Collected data
◆ ◆ ◆ ◆
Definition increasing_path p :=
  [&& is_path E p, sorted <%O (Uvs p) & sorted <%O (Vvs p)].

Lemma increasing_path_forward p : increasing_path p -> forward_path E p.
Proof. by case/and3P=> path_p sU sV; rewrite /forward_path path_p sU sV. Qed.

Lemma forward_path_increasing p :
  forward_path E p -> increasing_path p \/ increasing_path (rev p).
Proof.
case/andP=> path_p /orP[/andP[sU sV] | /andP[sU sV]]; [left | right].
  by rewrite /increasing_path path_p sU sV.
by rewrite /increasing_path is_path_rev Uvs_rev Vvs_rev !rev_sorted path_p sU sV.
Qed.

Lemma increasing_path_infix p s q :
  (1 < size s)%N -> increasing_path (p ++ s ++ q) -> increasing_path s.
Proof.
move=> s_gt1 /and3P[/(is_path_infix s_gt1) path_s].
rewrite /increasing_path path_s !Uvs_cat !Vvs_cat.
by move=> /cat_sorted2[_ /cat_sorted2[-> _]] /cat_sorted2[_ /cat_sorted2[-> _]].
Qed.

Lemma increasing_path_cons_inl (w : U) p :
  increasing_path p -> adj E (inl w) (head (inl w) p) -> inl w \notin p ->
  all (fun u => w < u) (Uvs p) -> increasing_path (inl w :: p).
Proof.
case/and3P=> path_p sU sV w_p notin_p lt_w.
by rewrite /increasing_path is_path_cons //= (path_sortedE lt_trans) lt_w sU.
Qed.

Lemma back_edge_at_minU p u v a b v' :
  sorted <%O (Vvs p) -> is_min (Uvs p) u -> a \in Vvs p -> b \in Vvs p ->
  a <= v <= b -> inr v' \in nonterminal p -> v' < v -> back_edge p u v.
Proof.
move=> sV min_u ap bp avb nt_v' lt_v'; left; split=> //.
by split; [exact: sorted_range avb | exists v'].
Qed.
◆ ◆ ◆ ◆
:: What to do ::
Only the lines that contain the string "left" should be copied from the entries above.

:: Exercise answer ::
case/andP=> path_p /orP[/andP[sU sV] | /andP[sU sV]]; [left | right].
move=> sV min_u ap bp avb nt_v' lt_v'; left; split=> //.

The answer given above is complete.